NT government caves in to anti-fracking pressure

November 1, 2013
Issue 
Photo: Don't Frack the Territory/FB.

The Country Liberal government of the Northern Territory announced on October 26 it was extending a reservation over Darwin’s rural area to “protect rural and rural-residential areas of the Greater Darwin region from oil and gas development”.

“Whilst the Country Liberal government is open for business, we know it is not practical to have oil and gas development in the middle of the Greater Darwin Region”, said mines and energy minister Willem Westra van Holthe.

This announcement followed months of lobbying and campaigning by many residents after they discovered a petroleum exploration application over a large part of the rural area in July.

Shale gas is an unconventional gas that requires horizontal hydraulic fracturing — fracking — to be extracted from rock deep underground.

The original area covered by Exploration Permit 224 (EP224) covered many properties in Humpty Doo and elsewhere, as well as a bore field that supplies 20% of Darwin’s water.

Public objections to the application closed in mid-September. After raising awareness across the area, encouraging people to write submissions, lobbying local members and a burst of letters to the editor, residents faced a nervous wait while the government assessed the application.

The reservation will not cover all of the area threatened by EP224, but does protect the bore field and heavily populated areas around Humpty Doo.

The reservation will come as a relief to rural residents whose properties are now protected.
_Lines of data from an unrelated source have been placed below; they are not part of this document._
Lemma prim_normal_trans G L S :
  [primitive G, on S | to] -> [faithful G, on S | to] -> L <| G -> L :!=: 1 ->
  [transitive L, on S | to].
Proof.
move=> primG ffulG nLG ntL; have [cLS|//] := prim_trans_norm primG nLG.
by case/negP: ntL; rewrite -subG1 (subset_trans cLS ffulG).
Qed.

End Actions.

(* Two subgroups of index 2 coincide when one of them has no subgroup of
   index 2: K :&: H has index at most |G : H| = 2 in K. *)
Lemma index2_subgroup_unique (gT : finGroupType) (G H K : {group gT}) :
  H \subset G -> K \subset G -> #|G : H| = 2 -> #|G : K| = 2 ->
  (forall L : {group gT}, L \subset K -> #|K : L| != 2) -> H :=: K.
Proof.
move=> sHG sKG iH iK noL.
have nHK : K \subset 'N(H) := subset_trans sKG (normal_norm (index2_normal sHG iH)).
have iKH : #|K : K :&: H| %| 2.
  rewrite indexgI -indexMg -(norm_joinEr nHK) -iH indexSg ?joing_subl //.
  by rewrite join_subG sHG.
have sKH : K \subset H.
  rewrite -indexg_eq1 -indexgI; move: iKH (noL _ (subsetIl K H)).
  by case: #|_ : _| (indexg_gt0 K (K :&: H)) => [|[|[|k]]] // _ /dvdn_leq.
apply/eqP; rewrite eq_sym eqEcard sKH /=.
by rewrite -(divg_indexS sHG) -(divg_indexS sKG) iH iK.
Qed.

(* The possible orders of a transitive subgroup of Alt(5). *)
Lemma mult5_dvd60 k : 5 %| k -> k %| 60 -> k \in [:: 5; 10; 15; 20; 30; 60].
Proof.
move=> d5 d60; have := dvdn_leq (isT : 0 < 60) d60; move: k d5 d60.
by do 61!case=> //.
Qed.

(* In a group of order 5, 10, 15 or 20 the Sylow 5-subgroup is unique. *)
Lemma Syl5_count k m : k \in [:: 5; 10; 15; 20] -> m %| k -> m %% 5 = 1%N -> m = 1%N.
Proof.
rewrite !inE => /or4P[] /eqP-> dm; have := dvdn_leq (ltn0Sn _) dm;
  by move: m dm; do 21!case=> //.
Qed.

(* Groups of order 5, 10, 15 or 20 are solvable: their Sylow 5-subgroup is
   normal, with a quotient of prime-power order. *)
Lemma solvable_order_5k (gT : finGroupType) (K : {group gT}) :
  #|K| \in [:: 5; 10; 15; 20] -> solvable K.
Proof.
move=> oK; have /eqP/normal_sylowP[S sylS nSK] : #|'Syl_5(K)| = 1%N.
  exact: Syl5_count oK (card_Syl_dvd 5 K) (card_Syl_mod K _).
rewrite (series_sol nSK) (pgroup_sol (pHall_pgroup sylS)) /=.
have oS : #|S| = 5.
  by case/pHallP: sylS => _ ->; rewrite p_part; move: oK; rewrite !inE => /or4P[]/eqP->.
have oKS : #|K / S| = #|K| %/ 5.
  by rewrite card_quotient ?normal_norm // -divgS ?normal_sub // oS.
apply: (@pgroup_sol _ (if #|K| == 15 then 3 else 2)); rewrite /pgroup oKS.
by move: oK; rewrite !inE => /or4P[]/eqP->.
Qed.

(* The even part of an insoluble permutation group is insoluble, since the
   quotient by it embeds in the abelian group of signs. *)
Lemma insoluble_even_part (T : finType) (P : {group {perm T}}) :
  ~~ solvable P -> ~~ solvable (P :&: 'Alt_T).
Proof.
apply: contra => solK; rewrite (series_sol (normalGI (subsetT P) (Alt_normal T))) solK.
have /isog_sol -> := first_isog_loc (sign_morph T) (subsetT P).
apply: abelian_sol; apply: abelianS (subsetT _) _.
by apply/centsP => a _ b _; apply: addbC.
Qed.

Lemma card_Alt5 (T : finType) : #|T| = 5 -> #|'Alt_T| = 60.
Proof. by move=> oT; apply/eqP; rewrite -(eqn_pmul2l (isT : 0 < 2)) card_Alt oT. Qed.

(* An insoluble transitive permutation group of degree 5 contains Alt(5):
   its even part K is insoluble and, by primitivity, transitive, so
   5 | |K| | 60; orders below 30 are solvable and order 30 would give a
   normal subgroup of the simple group Alt(5). *)
Lemma insoluble_transitive_Alt5 (T : finType) (P : {group {perm T}}) :
  #|T| = 5 -> [transitive P, on setT | 'P] -> ~~ solvable P -> 'Alt_T \subset P.
Proof.
move=> oT trP nsolP; set K := (P :&: 'Alt_T)%G.
have nsolK : ~~ solvable K := insoluble_even_part nsolP.
have ntK : K :!=: 1 by apply: contra nsolK => /eqP->; apply: solvable1.
have primP : [primitive P, on setT | 'P].
  by apply: prime_trans_primitive; rewrite // cardsT oT.
have trK := prim_normal_trans primP (aperm_faithful P) (normalGI (subsetT P) (Alt_normal T)) ntK.
have oAlt := card_Alt5 oT.
have sKA : K \subset 'Alt_T := subsetIr P _.
have := atrans_dvd trK; rewrite cardsT oT => /mult5_dvd60.
rewrite -oAlt => /(_ (cardSg sKA)); rewrite oAlt => oK.
have [/solvable_order_5k solK | not_small] := boolP (#|K| \in [:: 5; 10; 15; 20]).
  by rewrite solK in nsolK.
have : (#|K| == 30) || (#|K| == 60).
  by move: oK not_small; rewrite !inE; do 4!case: (_ == _).
case/orP=> /eqP {}oK.
  have nKAlt : K <| 'Alt_T by rewrite index2_normal // -divgS // oAlt oK.
  have /simpleP[_ /(_ K nKAlt)] : simple 'Alt_T by rewrite simple_Alt5 ?oT.
  by case=> KE; move: oK; rewrite KE ?cards1 ?oAlt.
have <- : K :=: 'Alt_T by apply/eqP; rewrite eqEcard sKA oK oAlt.
exact: subsetIl.
Qed.

(* The stabiliser of a point x0 in Sym(T), where #|T| = n + 2, is isomorphic
   to Sym(n + 1): list the other points of T as 'I_n.+1 and let a permutation
   of the indices move them accordingly while fixing x0. *)
Section PointStabiliser.
Variables (T : finType) (x0 : T) (n : nat).
Hypothesis cardT : #|T| = n.+2.

Definition other_points := enum [set~ x0].
Definition other_point (i : 'I_n.+1) : T := nth x0 other_points i.
Definition other_index (x : T) : 'I_n.+1 := inord (index x other_points).

Lemma size_other_points : size other_points = n.+1.
Proof. by rewrite -cardE cardsC1 cardT. Qed.

Lemma other_point_neq i : other_point i != x0.
Proof.
have : other_point i \in other_points by rewrite mem_nth // size_other_points.
by rewrite mem_enum !inE.
Qed.

Lemma other_pointK : cancel other_point other_index.
Proof.
move=> i; apply: val_inj.
by rewrite /other_index /other_point index_uniq ?enum_uniq ?size_other_points /= ?inordK.
Qed.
But community campaign group Don’t Frack the Territory has pledged to continue calling for a moratorium on fracking across the NT, so that an independent inquiry can be held and the community can be fully informed of the risks.

In the same announcement, the government affirmed that it is “unashamedly supportive of the oil and gas industry”.

Chief Minister Adam Giles has been aggressively encouraging the development of an onshore gas industry to supply Asia and other Australian states. The NT holds huge shale gas reserves, although the industry is in the early stages of development and there is no commercial production yet.

But as the territory government talks up the potential of a massive gas boom, more communities are realising what is at stake and getting organised to protect their land and water.

Just days before the announcement of the rural area reservation, the government rejected a call from traditional owners in the Protect Arnhem Land campaign, who were asking for their coastal waters to be protected from exploration.

The Protect Arnhem Land campaign was created after 12 applications for petroleum exploration across Arnhem Land, including the coastal area around Maningrida, were lodged by US company Paltar Petroleum.

There is a precedent for certain mining practices to be banned due to environmental concerns. Earlier this year the NT government caved to pressure and banned seabed mining in areas around Groote Eylandt and Bickerton Island.

But van Holthe said there would be no ban on petroleum exploration, despite traditional owners’ concerns. It seems the NT government thinks that some areas are more deserving of protection than others.

In Alice Springs on October 31, the Arid Lands Environment Centre (ALEC) hosted a community meeting about shale gas in the NT. About 30 people heard from ALEC’s Meg Humphreys, who gave a comprehensive review of the science of fracking, and the geological situation in central Australia.

Tracy Willoughby from the NT Cattlemen’s Association outlined pastoralists’ concerns about the industry, including the weak regulatory protection for landholders, who cannot veto access to their property. She suggested access agreements between pastoralists and petroleum companies could be mandated, rather than optional.

A representative from Santos, who was in the audience, said that company had recently committed to not entering properties without a negotiated access agreement, although it is not a legislated requirement in the NT.

The meeting also heard an update from the Don’t Frack the Territory campaign, which focuses on grassroots community education and mobilisation to protect the NT from the invasive unconventional gas industry.

[Emma Murphy works for the Environment Centre NT and the Lock the Gate Alliance, and addressed the Alice Springs meeting on behalf of the Don’t Frack the Territory campaign group.]